En la Old Truman´s Brewery, un viejo edificio industrial entre Brick Lane y el mercado de Spitafields, hay una tienda de casquería punk de alta gama. Allí venden los carteles de la gira Anarchy Tour a 1.500 libras; el que pusieron en el metro anunciando el single Good save the Queen estaba en 1.800, la primera gira inglesa de Ramones 1.200 y así todo, pero lo más espectacular eran las camisetas –supuestamente originales- que Vivianne Westwood le hacía a Johnny Rotten en Sex, la tienda que compartía con Malcom McLaren. Cada una salía por unas 3.000. En eso ha acabado el punk, entre tiendas, museos y notarías que certifican la autenticidad de los escupitajos, porque imagino que no habrán lavado esas prendas. Si tienen ADN su valor debe ser muy superior. En el futuro podríamos clonar a Rotten, aunque si sale mal tendríamos otro Lydon.
Tal vez sea mejor que no lleven ADN.
Ese Londres que recuerda mucho a lo que en los 80 fue un SOHO y que ahora parece una feria de franquicias, ya no emite señales imprescindibles. Decía La Polla Records: “Si en Londres les pica un huevo aquí todo el mundo se ‘arrasca’” y así era. En Murcia sabíamos si era el derecho o el izquierdo por los discos que llegaban a Zona, donde Sopena y luego Bali contaminaban de distorsión y vinilo un extremo remoto de algo que todavía no era Europa, pero también notábamos el picor en la tienda del Catalán al fondo del Latino. Era un espacio pequeño que durante un tiempo tuvo una jukebox que la música del bar convertía en decoración. Vendía Martens, chupas de cuero, botas de pico, boogies, camisas de picos y todo lo que deseábamos y no podíamos encontrar en una ciudad de provincias entre los estertores de la Guerra Fría y el alba de la globalización. Todo lo más chulo que podía ofrecer Murcia lo traía él de Londres, sazonado con singles y posters. Hace poco, Carlos Tarque me decía algo que no fui capaz de percibir entonces: Murcia estaba llena de solares en los 80 y en aquellos solares llenos de yonkis se encendían hogueras por la noche. Enfrente del Romea había uno, otro enorme detrás de la catedral, la zona de las Tascas estaba salpicada de ellos. Murcia en general estaba llena de yonkis, entonces había pijos, que acababan en una clínica de desintoxicación, y pobres, que arrastraron su miseria hasta no hace mucho. Alguno queda, ejemplares admirables, pero casi todos pasaron, incluyendo muchos amigos. En un primer golpe de memoria, aquella Murcia recordaría un poco a la Palermo de los 90, pero si pensamos bien era una prefiguración del Detroit que Carrie Palmer busca en Nonduermas, una de esas ciudades víctimas del desarrollo insensato sobre las que Naomi Klein construyó parte de No Logo, ruinas fascinantes de una civilización dog on steroids fallida.
Murcia era una ciudad de yonkis, solares, bares y bandas, muchas bandas.

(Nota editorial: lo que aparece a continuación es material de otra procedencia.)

(* If $f:\mathbb R^n\to\overline{\mathbb R}$ is a-strongly convex, then $f$ is essentially strictly convex.
   Context: Standing assumption: $\phi:\mathbb R^n\to\mathbb R$ is convex, finite-valued, differentiable and strictly convex (Legendre with full domain), super-coercive; $\phi^*$ has the same properties and $\nabla\phi^*=(\nabla\phi)^{-1}$. $\partial f$ is the limiting subdifferential. A proper lsc $f$ is a-strongly convex if for every $(\bar x,\bar v)\in\operatorname{graph}\partial f$: $f(x)\ge f(\bar x)+\phi(x-\bar x+\nabla\phi^*(\bar v))-\phi(\nabla\phi^*(\bar v))$ for all $x$. A proper lsc convex $f$ is essentially strictly convex if it is strictly convex on every convex subset of $\operatorname{dom}\partial f$. *)

(* R : realType, R^n = 'rV[R]_n (sup-norm topology). *)
From HB Require Import structures.
From mathcomp Require Import all_boot all_order all_algebra.
From mathcomp Require Import all_classical all_reals all_analysis.
Set Implicit Arguments. Unset Strict Implicit. Unset Printing Implicit Defensive.
Import Order.TTheory GRing.Theory Num.Theory.
Import numFieldNormedType.Exports.
Local Open Scope classical_set_scope.
Local Open Scope ring_scope.

Section Defs.
Variables (R : realType) (n : nat).
Notation V := 'rV[R]_n.

Definition dotp (u v : V) : R := \sum_(i < n) u ord0 i * v ord0 i.

Definition grad (g : V -> R) (x : V) : V :=
  \row_(i < n) derive g x (delta_mx ord0 i : V).

Definition fconj (g : V -> R) (y : V) : R :=
  sup [set dotp x y - g x | x in [set: V]].

Definition convex_fun (g : V -> R) : Prop :=
  forall x y (t : R), 0 <= t <= 1 -> g (t *: x + (1 - t) *: y) <= t * g x + (1 - t) * g y.

Definition strictly_convex_fun (g : V -> R) : Prop :=
  forall x y (t : R), x != y -> 0 < t < 1 ->
    g (t *: x + (1 - t) *: y) < t * g x + (1 - t) * g y.

Definition supercoercive (g : V -> R) : Prop :=
  forall M : R, exists r : R, forall x : V, r < `|x| -> M <= g x / `|x| .

(* phi is a Legendre function with full domain, super-coercive (and so is its conjugate) *)
Definition standing_phi (phi : V -> R) : Prop :=
  [/\ [/\ convex_fun phi, (forall x, differentiable phi x), strictly_convex_fun phi
      & supercoercive phi],
      [/\ (forall y, has_sup [set dotp x y - phi x | x in [set: V]]),
          convex_fun (fconj phi), (forall y, differentiable (fconj phi) y),
          strictly_convex_fun (fconj phi) & supercoercive (fconj phi)] &
      (forall x, grad (fconj phi) (grad phi x) = x) /\
      (forall y, grad phi (grad (fconj phi) y) = y)].

Local Open Scope ereal_scope.

Definition proper_fun (f : V -> \bar R) : Prop :=
  (forall x, f x != -oo) /\ exists x, f x < +oo.

Definition convex_efun (f : V -> \bar R) : Prop :=
  forall (x y : V) (t : R), (0 <= t <= 1)%R ->
    f (t *: x + (1 - t) *: y)%R <= t%:E * f x + (1 - t)%:E * f y.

Una de ellas fue Los Hurones, en la que tocaba el Catalán con el también desaparecido Jota Casinello y El Mangas. Era un trío de rockabilly que fichó por EMI -como los Pistols- y llegó a tocar con Crazy Cavan. Pudieron ser lo que acabaron siendo Los Rebeldes. Pero en la Murcia de los solares, las redadas y el puto Plan de Empleo Juvenil de Felipe Gonzalez los sueños tendían a romperse y aquello quedó en un recuerdo y en la tienda del Catalán. Los Hurones eran como los Stray Cats, y esa ola se la llevó la de los Meteors, que acabó siendo arrastrada por los Fuzztones y el imperio del psychobilly de los 90. Por ahí, en medio, estuvieron Los Fanáticos, que también tocaban en Latino.

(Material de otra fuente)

(* Let $T_{26}=\mathbf{e}^1_1\otimes(\mathbf{e}^2_1\otimes\mathbf{e}^3_1+\mathbf{e}^2_2\otimes\mathbf{e}^3_3+\mathbf{e}^2_3\otimes\mathbf{e}^3_5)+\mathbf{e}^1_2\otimes(\mathbf{e}^2_1\otimes\mathbf{e}^3_2+\mathbf{e}^2_2\otimes\mathbf{e}^3_4+\mathbf{e}^2_3\otimes\mathbf{e}^3_6)\in\mathbb{C}^2\otimes\mathbb{C}^3\otimes\mathbb{C}^6$ and $g(\mathbf{x},\mathbf{y},\mathbf{z})=x_1y_1z_1+x_2y_1z_2+x_1y_2z_3+x_2y_2z_4+x_1y_3z_5+x_2y_3z_6$. Let $T\in\mathbb{C}^2\otimes\mathbb{C}^3\otimes\mathbb{C}^6$ and $(A,B,C)\in\mathrm{GL}_2\times\mathrm{GL}_3\times\mathrm{GL}_6$ with $(A,B,C)\cdot T=T_{26}$. Then a rank-one tensor $\mathbf{a}\otimes\mathbf{b}\otimes\mathbf{c}$ lies in the forbidden locus of $T$ if and only if $g(A\mathbf{a},B\mathbf{b},C\mathbf{c})=0$ (equivalently $\langle (A^T\otimes B^T\otimes C^T)\cdot T_{26}^*,\mathbf{a}\otimes\mathbf{b}\otimes\mathbf{c}\rangle=0$, where $T_{26}^*$ is $T_{26}$ written in the dual basis).
   Context: $\mathbf{e}^i_j$ is the $j$-th standard basis vector of the $i$-th factor. The group acts by $(A,B,C)\cdot(\mathbf{a}\otimes\mathbf{b}\otimes\mathbf{c})=A\mathbf{a}\otimes B\mathbf{b}\otimes C\mathbf{c}$, extended linearly. The rank of a tensor is the minimal number of rank-one tensors summing to it; $P$ is in the forbidden locus of $T$ if $\mathrm{rk}(T-\lambda P)\ge\mathrm{rk}(T)$ for all $\lambda\in\mathbb{C}$. (Here $\mathrm{rk}(T)=6$.) *)

(* The complex numbers are modelled as R[i] := complex R
   (mathcomp-real-closed) for an arbitrary R : realType (MathComp-Analysis),
   i.e. the genuine field C (every realType is a complete ordered field). *)
From HB Require Import structures.
From mathcomp Require Import all_boot all_order all_algebra.
From mathcomp Require Import boolp reals.
From mathcomp Require Export complex.
Set Implicit Arguments. Unset Strict Implicit. Unset Printing Implicit Defensive.
Import Order.TTheory GRing.Theory Num.Theory.
Local Open Scope ring_scope.

Notation tensor K n1 n2 n3 := {ffun 'I_n1 * 'I_n2 * 'I_n3 -> K}.

Section Tensors.
Variable K : fieldType.


Definition outer n1 n2 n3 (a : 'cV[K]_n1) (b : 'cV[K]_n2) (c : 'cV[K]_n3)
  : tensor K n1 n2 n3 := [ffun x => a x.1.1 0 * b x.1.2 0 * c x.2 0].

Definition rank_le n1 n2 n3 (T : tensor K n1 n2 n3) (r : nat) : Prop :=
  exists (a : 'I_r -> 'cV[K]_n1) (b : 'I_r -> 'cV[K]_n2) (c : 'I_r -> 'cV[K]_n3),
    T = \sum_(l < r) outer (a l) (b l) (c l).

Lemma rank_exists n1 n2 n3 (T : tensor K n1 n2 n3) : exists r, rank_le T r.
Proof.
pose F (x : 'I_n1 * 'I_n2 * 'I_n3) :=
  outer (T x *: delta_mx x.1.1 0) (delta_mx x.1.2 0) (delta_mx x.2 0).
have HT : T = \sum_x F x.
  apply/ffunP => y; rewrite sum_ffunE (bigD1 y) //= big1 ?addr0.
    rewrite /F ffunE !mxE !eqxx /= !mulr1; by case: y.
  move=> x /negPf nxy; rewrite /F ffunE !mxE /=.
  case: x y nxy => [[i j] k] [[i' j'] k'] /= nxy.
  have [ei|ni] := eqVneq i i'; last by rewrite !mulr0 !mul0r.
  have [ej|nj] := eqVneq j j'; last by rewrite !mulr0 !mul0r.
  have [ek|nk] := eqVneq k k'; last by rewrite !mulr0.
  by subst; rewrite eqxx in nxy.
exists #|{: 'I_n1 * 'I_n2 * 'I_n3}|.
exists (fun l => T (enum_val l) *: delta_mx (enum_val l).1.1 0).
exists (fun l => delta_mx (enum_val l).1.2 0).
exists (fun l => delta_mx (enum_val l).2 0).
rewrite {1}HT (reindex (@enum_val _ (pred_of_simpl predT))) //=.
by exists (fun x => enum_rank x) => x _; rewrite ?enum_valK ?enum_rankK.
Qed.


Lemma rank_existsb n1 n2 n3 (T : tensor K n1 n2 n3) :
  exists r, `[< rank_le T r >].
Proof. by have [r Hr] := rank_exists T; exists r; apply/asboolP. Qed.

Definition trank n1 n2 n3 (T : tensor K n1 n2 n3) : nat := ex_minn (rank_existsb T).

Definition forbidden n1 n2 n3 (T P : tensor K n1 n2 n3) : Prop :=
  forall lam : K, (trank T <= trank [ffun x => (T x - lam * P x)%R])%N.

(* action of (A,B,C) : (A,B,C).(a (x) b (x) c) = Aa (x) Bb (x) Cc, extended linearly *)
Definition act n1 n2 n3 (A : 'M[K]_n1) (B : 'M[K]_n2) (C : 'M[K]_n3)
  (T : tensor K n1 n2 n3) : tensor K n1 n2 n3 :=
  [ffun x => \sum_(i < n1) \sum_(j < n2) \sum_(k < n3)
               A x.1.1 i * B x.1.2 j * C x.2 k * T (i, j, k)].

(* standard basis vector e_i of K^n, 1-based index as in the paper *)
Definition ev n (i : nat) : 'cV[K]_n := \col_(j < n) ((j.+1 == i)%:R).

(* i-th coordinate (1-based) of a vector *)
Definition coord1 n (v : 'cV[K]_n.+1) (i : nat) : K := v (inord i.-1) 0.

Definition T26 : tensor K 2 3 6 :=
  outer (ev 2 1) (ev 3 1) (ev 6 1) + outer (ev 2 1) (ev 3 2) (ev 6 3)
  + outer (ev 2 1) (ev 3 3) (ev 6 5)
  + outer (ev 2 2) (ev 3 1) (ev 6 2) + outer (ev 2 2) (ev 3 2) (ev 6 4)
  + outer (ev 2 2) (ev 3 3) (ev 6 6).

Definition g26 (x : 'cV[K]_2) (y : 'cV[K]_3) (z : 'cV[K]_6) : K :=
  let x_ := coord1 x in let y_ := coord1 y in let z_ := coord1 z in
  x_ 1 * y_ 1 * z_ 1 + x_ 2 * y_ 1 * z_ 2 + x_ 1 * y_ 2 * z_ 3
  + x_ 2 * y_ 2 * z_ 4 + x_ 1 * y_ 3 * z_ 5 + x_ 2 * y_ 3 * z_ 6.
End Tensors.

(* Acting by (A, B, C) preserves tensor rank, so it suffices to treat T26 and
   a (x) b (x) c directly.  Flattening along the third factor sends T26 to an
   invertible 6 x 6 matrix M and T26 - lam a (x) b (x) c to M - lam c v^T with
   v = a (x) b; the rank of a flattening bounds the tensor rank from below, so
   rk T26 = 6.  If g(a, b, c) = 0 every M - lam c v^T is invertible, hence
   a (x) b (x) c is forbidden.  Otherwise, for lam = 1/g, the rows of the
   flattening lie in a hyperplane of K^2 (x) K^3; every hyperplane of a tensor
   product of two spaces is spanned by rank-one tensors, which yields a
   decomposition of length 5. *)

From HB Require Import structures.
From mathcomp Require Import all_boot all_order all_algebra.
From mathcomp Require Import boolp reals complex.
From mathcomp Require Import ring zify.
Import Order.TTheory GRing.Theory Num.Theory.
Local Open Scope ring_scope.
Set Implicit Arguments. Unset Strict Implicit. Unset Printing Implicit Defensive.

Hace un par de días me enteré de que el Catalán se ha muerto. Muchos, demasiados de aquella generación heroica que no hablaba de “escena” han ido pasando. Fragmentos de mi vida, tipos que fueron modelos a los 16. Algunos pasaron al sistema, trabajan en bancos o en Mercadonas. Otros siguieron llevando la camiseta o las Martens, como el Catalán. Me da mucha pena, le tenía tremendo respeto. Me hubiera gustado contarle el precio de la camiseta de Rotten. Habría flipado.